## TASK TO COMPLETE
Pull every line containing "preimageK" out of the listing below.
------------
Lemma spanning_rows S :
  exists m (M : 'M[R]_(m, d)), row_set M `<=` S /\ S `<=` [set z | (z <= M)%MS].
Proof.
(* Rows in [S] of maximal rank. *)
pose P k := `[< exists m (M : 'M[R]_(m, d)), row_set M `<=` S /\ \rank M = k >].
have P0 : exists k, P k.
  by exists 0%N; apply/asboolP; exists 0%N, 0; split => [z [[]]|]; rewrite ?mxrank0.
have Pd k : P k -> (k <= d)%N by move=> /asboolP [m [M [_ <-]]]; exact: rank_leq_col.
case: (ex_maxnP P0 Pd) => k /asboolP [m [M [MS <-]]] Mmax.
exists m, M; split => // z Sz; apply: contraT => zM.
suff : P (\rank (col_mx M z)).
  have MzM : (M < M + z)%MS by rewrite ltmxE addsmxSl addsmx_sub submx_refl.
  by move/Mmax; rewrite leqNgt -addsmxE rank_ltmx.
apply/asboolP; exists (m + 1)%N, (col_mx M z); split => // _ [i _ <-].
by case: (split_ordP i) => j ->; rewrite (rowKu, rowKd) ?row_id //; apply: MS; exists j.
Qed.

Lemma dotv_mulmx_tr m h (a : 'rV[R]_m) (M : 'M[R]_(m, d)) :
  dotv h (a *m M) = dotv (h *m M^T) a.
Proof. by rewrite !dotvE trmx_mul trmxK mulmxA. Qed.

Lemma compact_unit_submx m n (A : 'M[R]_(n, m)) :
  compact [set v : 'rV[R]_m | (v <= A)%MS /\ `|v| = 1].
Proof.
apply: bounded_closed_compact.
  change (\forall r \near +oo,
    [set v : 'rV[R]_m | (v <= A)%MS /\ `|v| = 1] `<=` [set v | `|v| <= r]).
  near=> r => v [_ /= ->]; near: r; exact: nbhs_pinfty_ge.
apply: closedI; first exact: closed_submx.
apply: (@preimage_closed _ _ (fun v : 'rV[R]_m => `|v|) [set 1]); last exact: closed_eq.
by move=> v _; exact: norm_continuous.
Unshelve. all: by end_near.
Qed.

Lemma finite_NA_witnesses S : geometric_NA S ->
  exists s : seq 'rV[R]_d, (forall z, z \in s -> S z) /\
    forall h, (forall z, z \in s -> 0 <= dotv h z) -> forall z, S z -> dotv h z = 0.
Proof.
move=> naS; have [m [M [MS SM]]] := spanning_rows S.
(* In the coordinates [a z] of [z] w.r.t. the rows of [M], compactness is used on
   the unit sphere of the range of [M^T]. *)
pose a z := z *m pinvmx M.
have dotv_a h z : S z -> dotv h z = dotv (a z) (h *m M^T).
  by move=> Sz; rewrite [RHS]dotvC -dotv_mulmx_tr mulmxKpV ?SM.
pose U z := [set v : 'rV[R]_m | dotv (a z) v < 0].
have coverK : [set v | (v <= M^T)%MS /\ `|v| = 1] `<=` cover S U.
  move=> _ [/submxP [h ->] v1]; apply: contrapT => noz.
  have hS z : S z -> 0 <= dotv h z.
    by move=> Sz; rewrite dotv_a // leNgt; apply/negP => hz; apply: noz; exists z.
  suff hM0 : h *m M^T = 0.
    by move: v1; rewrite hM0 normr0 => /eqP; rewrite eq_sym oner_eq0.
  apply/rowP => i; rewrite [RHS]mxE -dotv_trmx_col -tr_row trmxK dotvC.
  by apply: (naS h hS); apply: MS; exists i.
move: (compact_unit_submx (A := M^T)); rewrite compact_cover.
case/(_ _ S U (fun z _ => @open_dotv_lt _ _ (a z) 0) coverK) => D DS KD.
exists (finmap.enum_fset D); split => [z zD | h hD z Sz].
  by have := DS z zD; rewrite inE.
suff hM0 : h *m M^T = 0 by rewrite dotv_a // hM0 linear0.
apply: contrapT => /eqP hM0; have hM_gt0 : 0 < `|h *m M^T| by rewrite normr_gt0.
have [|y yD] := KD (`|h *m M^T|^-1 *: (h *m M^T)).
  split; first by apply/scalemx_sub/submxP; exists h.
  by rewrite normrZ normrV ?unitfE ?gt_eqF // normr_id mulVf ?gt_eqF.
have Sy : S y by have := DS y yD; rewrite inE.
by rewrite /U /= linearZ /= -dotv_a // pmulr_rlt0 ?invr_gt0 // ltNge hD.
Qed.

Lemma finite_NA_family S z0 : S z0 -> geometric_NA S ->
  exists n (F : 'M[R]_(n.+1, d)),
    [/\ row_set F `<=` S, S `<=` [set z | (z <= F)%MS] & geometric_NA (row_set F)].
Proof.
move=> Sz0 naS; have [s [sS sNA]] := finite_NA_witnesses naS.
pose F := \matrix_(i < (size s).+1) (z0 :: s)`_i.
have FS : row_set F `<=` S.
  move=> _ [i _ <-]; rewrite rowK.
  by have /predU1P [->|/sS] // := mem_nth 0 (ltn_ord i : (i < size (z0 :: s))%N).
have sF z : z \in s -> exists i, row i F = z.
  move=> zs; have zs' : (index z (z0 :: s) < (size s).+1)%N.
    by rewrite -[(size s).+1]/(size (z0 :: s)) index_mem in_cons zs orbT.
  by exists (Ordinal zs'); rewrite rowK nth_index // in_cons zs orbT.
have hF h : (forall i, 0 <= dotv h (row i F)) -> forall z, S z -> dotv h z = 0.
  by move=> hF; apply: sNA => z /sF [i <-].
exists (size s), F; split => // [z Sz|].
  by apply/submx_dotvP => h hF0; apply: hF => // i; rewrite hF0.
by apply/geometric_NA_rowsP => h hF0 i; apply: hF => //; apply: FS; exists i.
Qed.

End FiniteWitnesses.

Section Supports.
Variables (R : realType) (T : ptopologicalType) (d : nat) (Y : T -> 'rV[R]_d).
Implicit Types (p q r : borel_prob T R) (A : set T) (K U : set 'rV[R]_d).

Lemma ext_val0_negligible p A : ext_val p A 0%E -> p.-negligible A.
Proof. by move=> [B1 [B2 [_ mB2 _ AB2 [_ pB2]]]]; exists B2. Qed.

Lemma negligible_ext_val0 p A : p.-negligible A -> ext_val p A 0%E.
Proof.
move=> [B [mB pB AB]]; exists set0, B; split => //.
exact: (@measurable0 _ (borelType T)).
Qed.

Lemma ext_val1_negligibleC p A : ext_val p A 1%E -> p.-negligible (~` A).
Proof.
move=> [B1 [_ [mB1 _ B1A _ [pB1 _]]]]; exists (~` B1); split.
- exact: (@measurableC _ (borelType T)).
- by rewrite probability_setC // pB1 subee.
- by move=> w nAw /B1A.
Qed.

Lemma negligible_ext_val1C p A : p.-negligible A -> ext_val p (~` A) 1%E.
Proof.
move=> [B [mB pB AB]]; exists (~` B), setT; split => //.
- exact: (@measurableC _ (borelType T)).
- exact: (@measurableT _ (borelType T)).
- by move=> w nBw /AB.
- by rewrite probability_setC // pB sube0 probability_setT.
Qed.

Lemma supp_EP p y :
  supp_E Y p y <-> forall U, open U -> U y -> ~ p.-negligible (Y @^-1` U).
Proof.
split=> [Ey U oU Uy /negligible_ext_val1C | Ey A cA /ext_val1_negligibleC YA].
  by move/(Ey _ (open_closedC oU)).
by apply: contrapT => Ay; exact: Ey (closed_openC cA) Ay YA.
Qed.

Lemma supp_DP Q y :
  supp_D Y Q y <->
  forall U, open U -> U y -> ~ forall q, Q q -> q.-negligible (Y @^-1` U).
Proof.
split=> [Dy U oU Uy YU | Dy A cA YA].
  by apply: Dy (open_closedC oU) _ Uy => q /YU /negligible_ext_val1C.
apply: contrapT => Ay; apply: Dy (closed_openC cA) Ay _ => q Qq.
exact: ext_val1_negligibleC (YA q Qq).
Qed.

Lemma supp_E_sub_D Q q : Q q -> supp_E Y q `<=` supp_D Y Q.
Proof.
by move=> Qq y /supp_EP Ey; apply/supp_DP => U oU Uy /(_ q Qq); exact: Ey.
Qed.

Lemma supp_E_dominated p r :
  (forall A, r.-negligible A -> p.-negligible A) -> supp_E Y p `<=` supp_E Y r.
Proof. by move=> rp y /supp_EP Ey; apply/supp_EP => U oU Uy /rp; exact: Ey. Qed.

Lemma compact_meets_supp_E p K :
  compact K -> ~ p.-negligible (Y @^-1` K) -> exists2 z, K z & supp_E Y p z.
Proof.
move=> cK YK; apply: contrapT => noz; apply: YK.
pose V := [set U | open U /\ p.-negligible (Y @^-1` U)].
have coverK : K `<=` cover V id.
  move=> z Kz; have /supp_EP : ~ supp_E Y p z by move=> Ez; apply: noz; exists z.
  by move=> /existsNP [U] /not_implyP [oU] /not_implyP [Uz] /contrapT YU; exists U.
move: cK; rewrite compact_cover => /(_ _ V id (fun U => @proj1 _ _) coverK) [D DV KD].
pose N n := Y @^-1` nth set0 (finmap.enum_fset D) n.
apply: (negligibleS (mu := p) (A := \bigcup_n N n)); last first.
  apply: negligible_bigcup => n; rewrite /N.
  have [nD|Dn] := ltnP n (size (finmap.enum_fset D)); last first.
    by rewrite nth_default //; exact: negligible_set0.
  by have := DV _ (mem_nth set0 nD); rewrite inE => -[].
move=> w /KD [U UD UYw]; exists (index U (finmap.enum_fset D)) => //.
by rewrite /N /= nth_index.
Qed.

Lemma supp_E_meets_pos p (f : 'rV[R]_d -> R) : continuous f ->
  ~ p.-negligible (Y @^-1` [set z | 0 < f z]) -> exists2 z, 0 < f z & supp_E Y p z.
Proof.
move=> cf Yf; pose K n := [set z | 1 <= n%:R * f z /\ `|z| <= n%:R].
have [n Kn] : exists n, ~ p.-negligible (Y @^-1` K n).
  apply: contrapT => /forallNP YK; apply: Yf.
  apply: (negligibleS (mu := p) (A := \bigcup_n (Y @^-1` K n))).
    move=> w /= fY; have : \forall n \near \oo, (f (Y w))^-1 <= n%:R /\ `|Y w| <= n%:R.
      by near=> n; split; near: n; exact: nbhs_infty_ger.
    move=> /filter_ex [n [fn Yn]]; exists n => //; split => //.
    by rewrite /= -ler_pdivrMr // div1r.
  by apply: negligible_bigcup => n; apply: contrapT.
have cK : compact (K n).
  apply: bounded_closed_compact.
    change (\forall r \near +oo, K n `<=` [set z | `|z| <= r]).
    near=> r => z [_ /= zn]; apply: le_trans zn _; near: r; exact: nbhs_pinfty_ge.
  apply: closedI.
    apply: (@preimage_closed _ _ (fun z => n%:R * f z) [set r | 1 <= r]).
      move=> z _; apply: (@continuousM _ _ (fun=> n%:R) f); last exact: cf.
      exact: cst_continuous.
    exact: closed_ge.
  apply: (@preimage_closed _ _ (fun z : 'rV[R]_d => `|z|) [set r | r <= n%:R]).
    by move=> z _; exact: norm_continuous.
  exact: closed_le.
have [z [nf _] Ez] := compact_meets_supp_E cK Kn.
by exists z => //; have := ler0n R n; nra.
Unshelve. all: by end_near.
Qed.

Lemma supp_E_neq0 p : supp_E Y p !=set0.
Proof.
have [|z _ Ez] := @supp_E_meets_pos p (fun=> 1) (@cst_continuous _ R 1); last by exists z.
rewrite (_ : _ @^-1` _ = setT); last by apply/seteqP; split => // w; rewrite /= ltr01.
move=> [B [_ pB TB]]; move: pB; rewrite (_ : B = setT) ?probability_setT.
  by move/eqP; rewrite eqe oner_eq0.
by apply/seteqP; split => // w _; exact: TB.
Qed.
------------
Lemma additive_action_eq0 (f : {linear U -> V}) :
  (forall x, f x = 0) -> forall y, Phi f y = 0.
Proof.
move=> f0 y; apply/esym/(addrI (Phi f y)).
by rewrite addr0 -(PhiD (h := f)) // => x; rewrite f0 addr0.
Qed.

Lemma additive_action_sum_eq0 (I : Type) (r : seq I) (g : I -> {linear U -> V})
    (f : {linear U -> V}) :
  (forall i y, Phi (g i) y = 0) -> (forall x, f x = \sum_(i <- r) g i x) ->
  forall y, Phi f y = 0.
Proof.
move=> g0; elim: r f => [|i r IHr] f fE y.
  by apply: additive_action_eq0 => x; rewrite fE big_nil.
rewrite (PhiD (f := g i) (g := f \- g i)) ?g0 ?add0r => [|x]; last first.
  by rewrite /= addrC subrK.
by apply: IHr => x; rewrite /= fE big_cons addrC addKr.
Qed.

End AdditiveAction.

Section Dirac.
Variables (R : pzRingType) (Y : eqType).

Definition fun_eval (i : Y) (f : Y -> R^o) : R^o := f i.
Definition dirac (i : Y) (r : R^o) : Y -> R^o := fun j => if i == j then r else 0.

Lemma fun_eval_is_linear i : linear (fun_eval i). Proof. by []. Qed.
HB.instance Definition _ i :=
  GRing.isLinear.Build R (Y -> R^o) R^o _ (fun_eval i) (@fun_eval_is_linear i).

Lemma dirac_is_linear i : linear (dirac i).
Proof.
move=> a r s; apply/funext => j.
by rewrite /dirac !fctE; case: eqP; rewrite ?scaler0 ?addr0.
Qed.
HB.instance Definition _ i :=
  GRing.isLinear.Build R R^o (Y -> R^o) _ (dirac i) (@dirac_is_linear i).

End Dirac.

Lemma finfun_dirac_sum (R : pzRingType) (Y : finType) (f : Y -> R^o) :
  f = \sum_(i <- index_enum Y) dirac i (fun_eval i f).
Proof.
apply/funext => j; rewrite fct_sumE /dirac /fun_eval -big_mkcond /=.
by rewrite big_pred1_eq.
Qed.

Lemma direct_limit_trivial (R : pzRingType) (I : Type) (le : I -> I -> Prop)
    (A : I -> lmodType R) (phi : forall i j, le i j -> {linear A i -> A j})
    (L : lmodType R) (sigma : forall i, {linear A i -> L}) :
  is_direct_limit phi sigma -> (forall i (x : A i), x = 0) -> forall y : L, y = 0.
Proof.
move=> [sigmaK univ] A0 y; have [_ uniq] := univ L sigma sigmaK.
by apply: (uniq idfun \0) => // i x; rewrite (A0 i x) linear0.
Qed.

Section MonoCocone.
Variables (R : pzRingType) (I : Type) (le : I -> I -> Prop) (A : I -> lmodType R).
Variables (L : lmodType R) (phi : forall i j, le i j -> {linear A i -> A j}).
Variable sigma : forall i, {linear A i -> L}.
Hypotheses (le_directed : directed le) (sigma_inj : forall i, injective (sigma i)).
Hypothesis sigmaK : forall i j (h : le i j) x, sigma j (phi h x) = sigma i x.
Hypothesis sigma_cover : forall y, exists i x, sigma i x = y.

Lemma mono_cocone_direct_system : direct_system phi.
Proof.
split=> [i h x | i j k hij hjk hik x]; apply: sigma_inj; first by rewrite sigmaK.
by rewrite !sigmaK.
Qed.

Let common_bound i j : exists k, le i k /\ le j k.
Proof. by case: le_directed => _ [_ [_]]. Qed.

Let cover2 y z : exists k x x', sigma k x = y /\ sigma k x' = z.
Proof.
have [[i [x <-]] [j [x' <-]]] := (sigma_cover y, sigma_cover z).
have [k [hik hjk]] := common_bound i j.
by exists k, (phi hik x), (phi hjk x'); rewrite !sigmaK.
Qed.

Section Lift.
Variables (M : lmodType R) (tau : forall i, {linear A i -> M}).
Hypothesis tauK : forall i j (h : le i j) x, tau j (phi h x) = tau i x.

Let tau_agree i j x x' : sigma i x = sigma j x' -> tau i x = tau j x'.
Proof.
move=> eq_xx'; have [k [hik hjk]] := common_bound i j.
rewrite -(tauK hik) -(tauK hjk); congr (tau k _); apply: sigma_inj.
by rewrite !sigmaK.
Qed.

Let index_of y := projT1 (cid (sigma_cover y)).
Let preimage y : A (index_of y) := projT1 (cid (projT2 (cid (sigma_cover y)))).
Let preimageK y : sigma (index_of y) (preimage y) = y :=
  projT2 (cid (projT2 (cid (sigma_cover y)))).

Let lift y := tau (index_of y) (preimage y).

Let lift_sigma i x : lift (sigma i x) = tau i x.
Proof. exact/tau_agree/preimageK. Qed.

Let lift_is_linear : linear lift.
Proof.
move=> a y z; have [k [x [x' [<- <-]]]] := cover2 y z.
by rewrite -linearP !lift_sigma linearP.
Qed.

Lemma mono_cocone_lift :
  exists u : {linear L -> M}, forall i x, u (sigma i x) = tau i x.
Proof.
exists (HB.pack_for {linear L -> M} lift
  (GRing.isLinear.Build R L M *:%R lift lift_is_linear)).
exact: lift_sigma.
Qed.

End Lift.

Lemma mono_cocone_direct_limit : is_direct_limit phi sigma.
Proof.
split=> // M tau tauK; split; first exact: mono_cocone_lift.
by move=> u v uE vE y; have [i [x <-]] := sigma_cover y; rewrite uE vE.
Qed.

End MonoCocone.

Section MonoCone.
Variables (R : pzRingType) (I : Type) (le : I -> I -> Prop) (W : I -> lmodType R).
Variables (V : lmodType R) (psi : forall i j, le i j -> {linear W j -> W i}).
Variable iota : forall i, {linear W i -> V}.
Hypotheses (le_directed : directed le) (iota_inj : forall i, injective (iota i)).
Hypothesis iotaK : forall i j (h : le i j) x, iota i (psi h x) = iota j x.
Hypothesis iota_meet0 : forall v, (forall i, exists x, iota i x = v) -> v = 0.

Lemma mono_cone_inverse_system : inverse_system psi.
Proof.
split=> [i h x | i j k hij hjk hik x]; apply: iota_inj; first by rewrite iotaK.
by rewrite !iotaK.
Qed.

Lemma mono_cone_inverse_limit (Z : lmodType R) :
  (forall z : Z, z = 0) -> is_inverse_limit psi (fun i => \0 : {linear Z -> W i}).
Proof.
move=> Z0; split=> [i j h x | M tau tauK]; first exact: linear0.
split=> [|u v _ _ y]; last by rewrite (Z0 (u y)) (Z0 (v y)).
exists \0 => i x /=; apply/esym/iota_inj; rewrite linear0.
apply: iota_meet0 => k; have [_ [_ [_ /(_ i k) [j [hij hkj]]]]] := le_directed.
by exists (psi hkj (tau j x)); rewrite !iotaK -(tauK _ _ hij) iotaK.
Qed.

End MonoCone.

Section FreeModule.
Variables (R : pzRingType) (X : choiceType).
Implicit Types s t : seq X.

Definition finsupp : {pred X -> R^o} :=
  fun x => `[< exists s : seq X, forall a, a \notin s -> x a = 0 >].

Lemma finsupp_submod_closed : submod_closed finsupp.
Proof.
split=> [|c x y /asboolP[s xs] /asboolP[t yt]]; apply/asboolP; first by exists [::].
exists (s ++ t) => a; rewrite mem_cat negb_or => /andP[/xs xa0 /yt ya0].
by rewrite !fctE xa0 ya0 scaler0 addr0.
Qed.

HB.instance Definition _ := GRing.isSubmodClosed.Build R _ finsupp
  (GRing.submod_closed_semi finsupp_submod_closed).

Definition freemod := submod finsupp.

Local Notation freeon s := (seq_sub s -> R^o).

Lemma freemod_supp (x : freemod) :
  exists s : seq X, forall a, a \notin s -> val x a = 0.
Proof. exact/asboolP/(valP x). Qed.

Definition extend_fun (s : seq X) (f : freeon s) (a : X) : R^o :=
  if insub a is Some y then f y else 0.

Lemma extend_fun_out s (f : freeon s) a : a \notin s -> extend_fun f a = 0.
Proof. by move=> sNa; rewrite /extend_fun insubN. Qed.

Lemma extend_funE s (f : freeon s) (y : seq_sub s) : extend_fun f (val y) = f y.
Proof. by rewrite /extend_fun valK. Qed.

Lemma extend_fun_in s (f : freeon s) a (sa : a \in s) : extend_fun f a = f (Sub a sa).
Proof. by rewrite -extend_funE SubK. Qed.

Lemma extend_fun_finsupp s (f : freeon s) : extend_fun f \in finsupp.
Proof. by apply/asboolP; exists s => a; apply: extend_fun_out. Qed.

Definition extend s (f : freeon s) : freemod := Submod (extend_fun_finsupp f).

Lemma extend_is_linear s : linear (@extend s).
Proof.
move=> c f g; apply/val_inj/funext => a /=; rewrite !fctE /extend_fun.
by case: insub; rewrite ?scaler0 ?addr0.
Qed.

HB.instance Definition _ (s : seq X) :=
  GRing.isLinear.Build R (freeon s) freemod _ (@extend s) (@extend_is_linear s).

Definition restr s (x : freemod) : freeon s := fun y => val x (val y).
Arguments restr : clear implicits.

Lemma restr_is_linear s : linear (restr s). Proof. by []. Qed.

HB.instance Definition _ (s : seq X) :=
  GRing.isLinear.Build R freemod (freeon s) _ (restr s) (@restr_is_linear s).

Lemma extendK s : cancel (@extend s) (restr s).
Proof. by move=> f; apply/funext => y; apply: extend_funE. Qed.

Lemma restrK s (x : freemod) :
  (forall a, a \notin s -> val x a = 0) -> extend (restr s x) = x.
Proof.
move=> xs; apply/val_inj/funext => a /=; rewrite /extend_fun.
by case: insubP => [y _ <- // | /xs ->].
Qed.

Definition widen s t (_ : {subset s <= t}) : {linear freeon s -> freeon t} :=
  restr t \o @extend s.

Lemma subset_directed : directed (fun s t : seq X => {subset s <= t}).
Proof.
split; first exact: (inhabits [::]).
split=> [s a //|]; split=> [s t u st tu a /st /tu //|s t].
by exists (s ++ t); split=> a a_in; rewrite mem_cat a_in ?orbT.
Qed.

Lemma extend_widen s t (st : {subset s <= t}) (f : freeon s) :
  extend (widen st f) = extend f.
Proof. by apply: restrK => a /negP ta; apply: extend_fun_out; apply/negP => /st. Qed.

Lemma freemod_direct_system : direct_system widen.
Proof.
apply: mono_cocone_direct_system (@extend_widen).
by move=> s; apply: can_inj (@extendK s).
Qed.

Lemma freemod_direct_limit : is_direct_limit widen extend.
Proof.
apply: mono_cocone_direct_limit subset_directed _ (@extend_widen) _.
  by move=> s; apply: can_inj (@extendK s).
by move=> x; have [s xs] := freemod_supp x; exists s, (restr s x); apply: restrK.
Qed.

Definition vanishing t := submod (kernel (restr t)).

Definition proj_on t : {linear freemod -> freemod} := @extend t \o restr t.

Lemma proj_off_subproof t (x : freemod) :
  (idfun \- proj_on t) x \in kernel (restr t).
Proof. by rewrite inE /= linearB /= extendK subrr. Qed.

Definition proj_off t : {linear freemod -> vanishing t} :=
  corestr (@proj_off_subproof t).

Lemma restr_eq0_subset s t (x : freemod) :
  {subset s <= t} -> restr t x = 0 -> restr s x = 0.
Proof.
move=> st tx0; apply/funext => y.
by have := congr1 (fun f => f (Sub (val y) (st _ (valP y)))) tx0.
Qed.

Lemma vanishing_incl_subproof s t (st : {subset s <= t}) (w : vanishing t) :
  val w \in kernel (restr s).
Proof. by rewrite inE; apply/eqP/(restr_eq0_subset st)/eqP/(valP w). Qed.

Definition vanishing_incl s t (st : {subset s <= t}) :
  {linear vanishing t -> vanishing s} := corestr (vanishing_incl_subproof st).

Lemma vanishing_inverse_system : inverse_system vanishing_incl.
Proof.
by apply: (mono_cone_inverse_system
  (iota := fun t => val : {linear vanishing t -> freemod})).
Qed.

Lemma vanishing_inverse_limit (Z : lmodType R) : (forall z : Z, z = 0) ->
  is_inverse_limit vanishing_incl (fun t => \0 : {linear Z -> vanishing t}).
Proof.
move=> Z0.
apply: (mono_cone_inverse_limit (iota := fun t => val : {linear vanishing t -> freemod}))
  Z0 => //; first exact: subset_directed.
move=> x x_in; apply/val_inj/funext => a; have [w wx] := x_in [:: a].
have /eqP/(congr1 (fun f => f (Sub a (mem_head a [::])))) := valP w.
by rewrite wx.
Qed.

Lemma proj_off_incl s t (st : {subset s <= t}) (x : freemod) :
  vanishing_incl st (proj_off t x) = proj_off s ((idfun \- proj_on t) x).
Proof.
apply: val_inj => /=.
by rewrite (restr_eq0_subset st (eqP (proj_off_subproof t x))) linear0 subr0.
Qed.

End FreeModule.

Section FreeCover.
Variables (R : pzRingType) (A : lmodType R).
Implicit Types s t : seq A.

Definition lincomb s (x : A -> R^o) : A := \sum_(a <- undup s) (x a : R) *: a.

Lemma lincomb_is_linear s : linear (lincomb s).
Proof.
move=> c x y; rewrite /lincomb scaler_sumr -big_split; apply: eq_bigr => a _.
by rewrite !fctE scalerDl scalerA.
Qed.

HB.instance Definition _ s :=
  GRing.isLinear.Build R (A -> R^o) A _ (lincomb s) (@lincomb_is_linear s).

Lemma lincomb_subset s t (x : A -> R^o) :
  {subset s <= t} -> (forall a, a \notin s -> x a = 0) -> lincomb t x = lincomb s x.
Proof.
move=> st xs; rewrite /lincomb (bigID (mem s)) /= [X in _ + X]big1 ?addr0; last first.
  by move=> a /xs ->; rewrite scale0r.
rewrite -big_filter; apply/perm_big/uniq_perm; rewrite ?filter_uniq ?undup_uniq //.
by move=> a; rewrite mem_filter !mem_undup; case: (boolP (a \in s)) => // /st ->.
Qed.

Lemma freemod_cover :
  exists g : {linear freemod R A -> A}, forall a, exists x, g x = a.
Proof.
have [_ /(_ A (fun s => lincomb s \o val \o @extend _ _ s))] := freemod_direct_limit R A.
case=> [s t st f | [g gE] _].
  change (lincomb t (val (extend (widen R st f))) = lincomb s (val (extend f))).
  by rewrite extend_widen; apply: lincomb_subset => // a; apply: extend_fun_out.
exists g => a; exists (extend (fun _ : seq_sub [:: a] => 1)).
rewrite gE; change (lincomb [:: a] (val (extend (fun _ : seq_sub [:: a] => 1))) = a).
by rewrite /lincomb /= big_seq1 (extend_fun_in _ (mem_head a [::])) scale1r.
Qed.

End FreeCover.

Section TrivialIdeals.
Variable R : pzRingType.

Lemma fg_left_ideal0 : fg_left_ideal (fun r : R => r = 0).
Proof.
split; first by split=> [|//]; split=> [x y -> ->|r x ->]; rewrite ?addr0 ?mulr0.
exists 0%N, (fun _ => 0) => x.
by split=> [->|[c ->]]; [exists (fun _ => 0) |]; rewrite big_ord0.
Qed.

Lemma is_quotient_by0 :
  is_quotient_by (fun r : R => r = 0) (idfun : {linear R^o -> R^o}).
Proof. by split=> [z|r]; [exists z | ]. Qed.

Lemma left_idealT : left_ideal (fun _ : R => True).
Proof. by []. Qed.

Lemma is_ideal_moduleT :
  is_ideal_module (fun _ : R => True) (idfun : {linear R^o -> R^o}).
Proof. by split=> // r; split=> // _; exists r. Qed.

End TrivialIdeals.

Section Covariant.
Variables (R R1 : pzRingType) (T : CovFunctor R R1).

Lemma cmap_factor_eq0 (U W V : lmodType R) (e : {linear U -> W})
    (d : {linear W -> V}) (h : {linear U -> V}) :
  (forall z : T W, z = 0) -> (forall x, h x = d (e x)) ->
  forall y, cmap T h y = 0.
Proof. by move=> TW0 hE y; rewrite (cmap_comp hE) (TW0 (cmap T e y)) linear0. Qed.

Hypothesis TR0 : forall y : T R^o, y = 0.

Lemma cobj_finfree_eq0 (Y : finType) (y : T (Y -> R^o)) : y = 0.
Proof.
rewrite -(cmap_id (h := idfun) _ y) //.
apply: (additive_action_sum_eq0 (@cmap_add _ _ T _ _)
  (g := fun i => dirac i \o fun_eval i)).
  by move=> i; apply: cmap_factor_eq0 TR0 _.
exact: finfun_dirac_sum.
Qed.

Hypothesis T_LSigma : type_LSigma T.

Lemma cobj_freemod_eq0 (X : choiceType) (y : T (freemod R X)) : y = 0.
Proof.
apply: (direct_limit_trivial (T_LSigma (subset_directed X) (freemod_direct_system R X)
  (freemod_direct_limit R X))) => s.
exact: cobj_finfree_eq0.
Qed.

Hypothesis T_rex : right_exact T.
------------
## WRITTEN REPLY
Let preimageK y : sigma (index_of y) (preimage y) = y :=
Proof. exact/tau_agree/preimageK. Qed.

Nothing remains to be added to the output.